(* Let $S$ be a nonempty complete lattice and let $F:S\to 2^S$ be a lower V-ascending correspondence such that for every $x\in S$, the value $F(x)$ is nonempty and chain-subcomplete downwards in $S$. Then $F$ has a least fixed point, i.e. the set $\{s\in S:s\in F(s)\}$ is nonempty and has a least element.
   Context: A poset $S$ is a complete lattice if every nonempty subset has a supremum and infimum in $S$. A subset $T\subset S$ is chain-subcomplete downwards in $S$ if for every nonempty chain $C\subset T$, $\inf_S C$ exists and belongs to $T$. A correspondence $F:S\to 2^S$ on a lattice $S$ is lower V-ascending if for all $x<x'$ in $S$ (strict inequality), every $y\in F(x)$ and every $y'\in F(x')$, one has $y\wedge y'\in F(x)$. *)

From mathcomp Require Import all_boot all_order.
Set Implicit Arguments. Unset Strict Implicit. Unset Printing Implicit Defensive.
Import Order.TTheory.
Local Open Scope order_scope.

Section Defs.
Context {d : Order.disp_t} {T : latticeType d}.

Definition nonempty (A : T -> Prop) : Prop := exists x, A x.

Definition is_lower_bound (A : T -> Prop) (m : T) : Prop := forall a, A a -> m <= a.
Definition is_upper_bound (A : T -> Prop) (m : T) : Prop := forall a, A a -> a <= m.

Definition is_inf (A : T -> Prop) (m : T) : Prop :=
  is_lower_bound A m /\ forall l, is_lower_bound A l -> l <= m.
Definition is_sup (A : T -> Prop) (m : T) : Prop :=
  is_upper_bound A m /\ forall u, is_upper_bound A u -> m <= u.

Definition complete_lattice : Prop :=
  forall A : T -> Prop, nonempty A -> (exists s, is_sup A s) /\ (exists i, is_inf A i).

Definition is_chain (C : T -> Prop) : Prop :=
  forall a b, C a -> C b -> a <= b \/ b <= a.

Definition chain_subcomplete_down (X : T -> Prop) : Prop :=
  forall C : T -> Prop, nonempty C -> is_chain C -> (forall c, C c -> X c) ->
    exists m, is_inf C m /\ X m.

(* F x y means y \in F(x) *)
Definition lower_V_ascending (F : T -> T -> Prop) : Prop :=
  forall x x' y y', x < x' -> F x y -> F x' y' -> F x (y `&` y').

End Defs.

(* Let A be the set of subfixed points x (some y in F(x) lies below x), s = inf A
   (A contains the top element). Pick a minimal element m of F(s), which exists
   by Zorn's lemma since F(s) is chain-subcomplete downwards. If s were not in A,
   then s < x for every x in A, and lower V-ascendancy puts m `&` y in F(s) for
   every y in F(x), so m <= y by minimality; taking y <= x gives m <= s, i.e.
   s in A after all. Hence some m in F(s) has m <= s; if m < s, V-ascendancy
   applied to m < s yields m in A, contradicting s = inf A, so s in F(s). Every
   fixed point lies in A, hence above s. *)
From mathcomp Require Import all_boot all_order.
From mathcomp Require classical_sets boolp.
Import Order.TTheory.
Local Open Scope order_scope.

Lemma chain_subcomplete_down_minimal {d : Order.disp_t} {T : latticeType d}
    {X : T -> Prop} :
  nonempty X -> chain_subcomplete_down X ->
  exists m, X m /\ forall z, X z -> z <= m -> z = m.
Proof.
move=> [x0 Xx0] Xcomplete.
pose R (a b : {z : T | X z}) := proj1_sig b <= proj1_sig a.
have [t t_max] : exists t, forall s, R t s -> s = t.
  apply: classical_sets.Zorn => [t|r s t|s t|A A_chain].
  - exact: lexx.
  - by move=> rs st; exact: le_trans st rs.
  - move=> st ts; apply: eq_sig_hprop => [z|]; first exact: boolp.Prop_irrelevance.
    exact/le_anti/andP.
  - case: (boolp.pselect (exists a, A a)) => [[a Aa]|A0]; last first.
      by exists (exist _ x0 Xx0) => s As; case: A0; exists s.
    pose C c := exists a, A a /\ proj1_sig a = c.
    have [|||m [[m_lb _] Xm]] := Xcomplete C.
    + by exists (proj1_sig a), a.
    + move=> _ _ [a1 [A1 <-]] [a2 [A2 <-]].
      by case: (A_chain a1 a2 A1 A2); [right|left].
    + by move=> _ [b [_ <-]]; exact: proj2_sig.
    by exists (exist _ m Xm) => s As; apply: m_lb; exists s.
exists (proj1_sig t); split; first exact: proj2_sig.
by move=> z Xz zt; have /(f_equal (@proj1_sig _ _)) := t_max (exist _ z Xz) zt.
Qed.

Section LeastFixedPoint.
Context {d : Order.disp_t} {T : latticeType d} (F : T -> T -> Prop).
Hypothesis F_V_ascending : lower_V_ascending F.
Hypothesis F_nonempty : forall x, nonempty (F x).

Definition subfixed (x : T) : Prop := exists y, F x y /\ y <= x.

Lemma fixed_subfixed x : F x x -> subfixed x.
Proof. by exists x. Qed.

Lemma inf_subfixed_subfixed s :
  chain_subcomplete_down (F s) -> is_inf subfixed s -> subfixed s.
Proof.
move=> Fs_complete [s_lb s_glb]; apply: boolp.contrapT => s_not_subfixed.
have [m [Fsm m_min]] := chain_subcomplete_down_minimal (F_nonempty s) Fs_complete.
apply: (s_not_subfixed); exists m; split => //.
apply: s_glb => x [y [Fxy yx]].
have sx : s < x.
  rewrite lt_neqAle s_lb ?andbT; last by exists y.
  by apply/eqP => esx; apply: s_not_subfixed; rewrite esx; exists y.
have <- : m `&` y = m.
  by apply: m_min; [exact: F_V_ascending sx Fsm Fxy | exact: leIl].
exact: le_trans (leIr _ _) yx.
Qed.

Lemma least_subfixed_fixed s :
  is_lower_bound subfixed s -> subfixed s -> F s s.
Proof.
move=> s_lb [m [Fsm]]; rewrite le_eqVlt => /orP[/eqP m_eq_s | ms_lt].
  by rewrite -{2}m_eq_s.
have [y Fmy] := F_nonempty m.
have subfixed_m : subfixed m.
  by exists (y `&` m); split; [exact: F_V_ascending ms_lt Fmy Fsm | exact: leIr].
by rewrite (le_gtF (s_lb _ subfixed_m)) in ms_lt.
Qed.

End LeastFixedPoint.

Theorem lemma2p9 (d : Order.disp_t) (T : latticeType d) (F : T -> T -> Prop) :
  (exists x : T, True) ->
  complete_lattice (T := T) ->
  lower_V_ascending F ->
  (forall x, nonempty (F x)) ->
  (forall x, chain_subcomplete_down (F x)) ->
  exists s, F s s /\ (forall t, F t t -> s <= t).
Proof.
move=> [x0 _] T_complete F_V_ascending F_nonempty F_complete.
have [[top [top_ub _]] _] := T_complete (fun _ => True) (ex_intro _ x0 I).
have subfixed_top : subfixed F top.
  by have [y Fy] := F_nonempty top; exists y; split; last exact: top_ub.
have [_ [s s_inf]] := T_complete _ (ex_intro _ top subfixed_top).
have subfixed_s : subfixed F s.
  exact: inf_subfixed_subfixed F_V_ascending F_nonempty s (F_complete s) s_inf.
exists s; split.
  exact: least_subfixed_fixed F_V_ascending F_nonempty s s_inf.1 subfixed_s.
by move=> t Ftt; apply: s_inf.1; exact: fixed_subfixed.
Qed.
(* Let $\varrho=\mathrm{Tr}_B|\psi\rangle\langle\psi|$ have eigenvalues $p_1,\dots,p_d$ and eigenbasis $\{|i\rangle\}$, and let $V_\Lambda=\sum_i\lambda_i|i\rangle\langle i|$. Then $$\sqrt{F^\Lambda_\psi}=\max_{U\ \text{unitary}}\Big|\mathrm{Tr}[UV_\Lambda U^\dagger\varrho]\Big|=\max_{U}\Big|\sum_{i}\lambda_i\sum_j p_j|u_{ij}|^2\Big|,\quad u_{ij}=\langle i|U|j\rangle,$$ and the maximum over $U$ is attained at a permutation matrix. Consequently $\sqrt{F^\Lambda_\psi}=\max_{\sigma\in S_d}\big|\sum_{i=1}^d\lambda_i\,p_{\sigma(i)}\big|$, and there is a maximizing $W\in\mathcal{W}_\Lambda$ that is diagonal in the eigenbasis of $\varrho$, so that $[W,\varrho]=0$.
   Context: Let $d=d_A\le d_B$ and let $|\psi\rangle\in\mathbb{C}^{d_A}\otimes\mathbb{C}^{d_B}$ be a unit vector. A spectrum is a multiset $\Lambda=\{\lambda_1,\dots,\lambda_d\}$ of unimodular complex numbers $\lambda_j=e^{i\theta_j}$. Let $\mathcal{W}_\Lambda$ be the set of unitary $d\times d$ matrices acting on $\mathbb{C}^{d_A}$ whose eigenvalues, counted with multiplicity, are exactly $\Lambda$. Define $F^\Lambda_\psi=\max_{W\in\mathcal{W}_\Lambda}|\langle\psi|(W\otimes \mathbb{1}_B)|\psi\rangle|^2$. $S_d$ denotes the symmetric group on $\{1,\dots,d\}$. *)

From HB Require Import structures.
From mathcomp Require Import all_boot all_order all_algebra all_fingroup.
From mathcomp Require Import spectral.
Set Implicit Arguments. Unset Strict Implicit. Unset Printing Implicit Defensive.
Import Order.TTheory GRing.Theory Num.Theory.
Local Open Scope ring_scope.
(* Let $H$ be a monoid that is either a group or such that its set of non-units $H\setminus H^\times$ does not form an almost-breakable semigroup. Then $\mathcal{P}_{\mathrm{fin},1}(H)$ is UmF if and only if $H$ is either trivial or isomorphic to the group of integers modulo $2$ under addition.
   Context: For a monoid $H$, $\mathcal{P}_{\mathrm{fin},1}(H)$ denotes the set of all non-empty finite subsets of $H$ containing $1_H$, a monoid under setwise multiplication $XY=\{xy: x\in X, y\in Y\}$. $H^\times$ is the group of units of $H$. Divisibility in a monoid $M$: $x\mid_M y$ iff $y\in MxM$; $x,y$ are associated if each divides the other; proper divisor means divides but not associated. A unit-divisor divides $1_M$; otherwise it is a non-unit-divisor. An irreducible is a non-unit-divisor $a$ with $a\neq xy$ for all non-unit-divisors $x,y$ properly dividing $a$. A factorization of $x$ is a word over the irreducibles whose product is $x$. For words $\mathfrak a,\mathfrak b$, $\mathfrak a\sqsubseteq\mathfrak b$ means $\mathfrak a$ is, up to associatedness of letters, a subword (subsequence) of a permutation of $\mathfrak b$; equivalence means $\sqsubseteq$ both ways. A factorization $\mathfrak a$ of $x$ is minimal if no factorization $\mathfrak b$ of $x$ satisfies $\mathfrak b\sqsubseteq\mathfrak a\not\sqsubseteq\mathfrak b$. $M$ is UmF if every non-unit-divisor is a product of irreducibles and any two minimal factorizations of an element are equivalent. A semigroup $S$ is almost-breakable if for all $x,y\in S$, $xy\in\{x,y\}$ or $yx\in\{x,y\}$. *)

From HB Require Import structures.
From mathcomp Require Import all_boot monoid.
From mathcomp Require Import all_algebra.
From mathcomp Require Import finmap.
From Stdlib Require Import Permutation.
From Stdlib Require List.

Set Implicit Arguments.
Unset Strict Implicit.
Unset Printing Implicit Defensive.

Local Open Scope fset_scope.

Section RawMonoid.
Variables (T : Type) (mul : T -> T -> T) (one : T).

Definition mdvd (x y : T) : Prop := exists a b, y = mul (mul a x) b.

Definition massoc (x y : T) : Prop := mdvd x y /\ mdvd y x.

Definition mproper_dvd (x y : T) : Prop := mdvd x y /\ ~ massoc x y.

Definition unit_divisor (x : T) : Prop := mdvd x one.

Definition mirreducible (a : T) : Prop :=
  ~ unit_divisor a /\
  forall x y, ~ unit_divisor x -> ~ unit_divisor y ->
    mproper_dvd x a -> mproper_dvd y a -> a <> mul x y.

Definition wprod (w : list T) : T := foldr mul one w.

Definition factorization (x : T) (w : list T) : Prop :=
  List.Forall mirreducible w /\ wprod w = x.

Definition subword (a b : list T) : Prop :=
  exists b', Permutation b b' /\ exists m : seq bool, List.Forall2 massoc a (mask m b').

Definition word_equiv (a b : list T) : Prop := subword a b /\ subword b a.

Definition minimal_factorization (x : T) (a : list T) : Prop :=
  factorization x a /\
  ~ (exists b, factorization x b /\ subword b a /\ ~ subword a b).

Definition UmF : Prop :=
  (forall x, ~ unit_divisor x -> exists w, factorization x w) /\
  (forall x a b, minimal_factorization x a -> minimal_factorization x b ->
     word_equiv a b).

End RawMonoid.

Local Open Scope group_scope.

Definition is_unit (H : monoidType) (x : H) : Prop :=
  exists y : H, x * y = 1 /\ y * x = 1.

Definition is_group (H : monoidType) : Prop := forall x : H, is_unit x.

Definition nonunits_almost_breakable_semigroup (H : monoidType) : Prop :=
  (forall x y : H, ~ is_unit x -> ~ is_unit y -> ~ is_unit (x * y)) /\
  (forall x y : H, ~ is_unit x -> ~ is_unit y ->
     (x * y = x \/ x * y = y) \/ (y * x = x \/ y * x = y)).

Definition trivial_monoid (H : monoidType) : Prop := forall x : H, x = 1.

Definition iso_Z2 (H : monoidType) : Prop :=
  exists f : H -> 'Z_2, bijective f /\ f 1 = 0%R /\
    forall x y : H, f (x * y) = (f x + f y)%R.

Definition Pfin1 (H : monoidType) := {X : {fset H} | 1 \in X}.

Definition setmul (H : monoidType) (X Y : {fset H}) : {fset H} :=
  [fset x * y | x in X, y in Y].

Lemma setmul_one (H : monoidType) (X Y : Pfin1 H) :
  (1 : H) \in setmul (val X) (val Y).
Proof.
apply/imfset2P; exists 1; first exact: (valP X).
by exists 1; [exact: (valP Y) | rewrite mulg1].
Qed.

Definition Pfin1_mul (H : monoidType) (X Y : Pfin1 H) : Pfin1 H :=
  exist _ (setmul (val X) (val Y)) (setmul_one X Y).

Definition Pfin1_one (H : monoidType) : Pfin1 H :=
  exist _ [fset (1 : H)] (fset11 (1 : H)).

Definition Pfin1_UmF (H : monoidType) : Prop :=
  UmF (@Pfin1_mul H) (Pfin1_one H).

(* In P_{fin,1}(H) a divisor is a subset, so associated elements are equal,
   {1} is the only unit divisor and {1,a} is irreducible whenever a <> 1.
   Under UmF every letter of a minimal factorization of X occurs in every
   factorization of X, because any factorization shrinks to a minimal one.
   This excludes a^2 \notin {1,a}: then [{1,a}; {1,a^2}] is a minimal
   factorization of {1,a}^3 = {1,a}{1,a^2} whose letter {1,a^2} is missing
   from [{1,a}; {1,a}; {1,a}].  In a group every a <> 1 is thus an
   involution, and a unit b \notin {1,a} would give {1,a}{1,b} = {1,a}{1,ab},
   so H = {1,a}.  Outside groups the non-units are idempotent, and idempotents
   x, y with xy, yx \notin {x,y} would give {1,y}{1,x} = {1,x,y}{1,x} with
   {1,x,y} irreducible, so the non-units form an almost-breakable semigroup.
   Conversely, if H = {1,a} then P_{fin,1}(H) = {{1}, {1,a}} with {1,a}
   idempotent, and such a monoid is UmF. *)

From HB Require Import structures.
From mathcomp Require Import all_boot monoid all_algebra finmap.
From Stdlib Require Import Permutation Classical.
From Stdlib Require List.

Set Implicit Arguments.
Unset Strict Implicit.
Unset Printing Implicit Defensive.

Lemma In_mask (T : Type) (m : bitseq) (s : seq T) x :
  List.In x (mask m s) -> List.In x s.
Proof.
elim: s m => [|y s IH] [|[] m] //=; last by move/IH; right.
by case=> [->|/IH]; [left | right].
Qed.

Section UnitalMagma.
Variables (T : eqType) (mul : T -> T -> T) (one : T).
Hypotheses (mul1x : forall x, mul one x = x) (mulx1 : forall x, mul x one = x).

Lemma mdvd_refl x : mdvd mul x x.
Proof. by exists one, one; rewrite mul1x mulx1. Qed.

Lemma massoc_refl x : massoc mul x x.
Proof. by split; apply: mdvd_refl. Qed.

Lemma massoc_neq x y : ~ massoc mul x y -> x <> y.
Proof. by move=> nxy exy; apply: nxy; rewrite exy; apply: massoc_refl. Qed.

Lemma Forall2_massoc_refl a : List.Forall2 (massoc mul) a a.
Proof. by elim: a => //= x a IH; constructor=> //; apply: massoc_refl. Qed.

Lemma subword_perm a b : Permutation b a -> subword mul a b.
Proof.
move=> pba; exists a; split=> //; exists (nseq (size a) true).
by rewrite mask_true //; apply: Forall2_massoc_refl.
Qed.

Lemma subword_refl a : subword mul a a.
Proof. exact/subword_perm/Permutation_refl. Qed.

Lemma subword_head x a : subword mul [:: x] (x :: a).
Proof.
exists (x :: a); split; first exact: Permutation_refl.
by exists [:: true]; apply: Forall2_massoc_refl.
Qed.

Lemma subword_size a b : subword mul a b -> size a <= size b.
Proof.
case=> b' [pb [m /List.Forall2_length ea]].
change (length a <= length b); rewrite ea (Permutation_length pb).
exact: size_subseq (mask_subseq m b').
Qed.

Lemma factorization_pair x A B :
  mirreducible mul one A -> mirreducible mul one B -> mul A B = x ->
  factorization mul one x [:: A; B].
Proof.
by move=> iA iB <-; split; [do 2 constructor=> // | rewrite /= mulx1].
Qed.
********************
» REQUIRED ACTION:
When you reach the line holding "This excludes a^2" in the records above, begin reproducing exactly, stop after the line holding "Hypotheses (mul1x : forall", and output nothing else.

» TASK ANSWER:
   This excludes a^2 \notin {1,a}: then [{1,a}; {1,a^2}] is a minimal
   factorization of {1,a}^3 = {1,a}{1,a^2} whose letter {1,a^2} is missing
   from [{1,a}; {1,a}; {1,a}].  In a group every a <> 1 is thus an
   involution, and a unit b \notin {1,a} would give {1,a}{1,b} = {1,a}{1,ab},
   so H = {1,a}.  Outside groups the non-units are idempotent, and idempotents
   x, y with xy, yx \notin {x,y} would give {1,y}{1,x} = {1,x,y}{1,x} with
   {1,x,y} irreducible, so the non-units form an almost-breakable semigroup.
   Conversely, if H = {1,a} then P_{fin,1}(H) = {{1}, {1,a}} with {1,a}
   idempotent, and such a monoid is UmF. *)

From HB Require Import structures.
From mathcomp Require Import all_boot monoid all_algebra finmap.
From Stdlib Require Import Permutation Classical.
From Stdlib Require List.

Set Implicit Arguments.
Unset Strict Implicit.
Unset Printing Implicit Defensive.

Lemma In_mask (T : Type) (m : bitseq) (s : seq T) x :
  List.In x (mask m s) -> List.In x s.
Proof.
elim: s m => [|y s IH] [|[] m] //=; last by move/IH; right.
by case=> [->|/IH]; [left | right].
Qed.

Section UnitalMagma.
Variables (T : eqType) (mul : T -> T -> T) (one : T).
Hypotheses (mul1x : forall x, mul one x = x) (mulx1 : forall x, mul x one = x).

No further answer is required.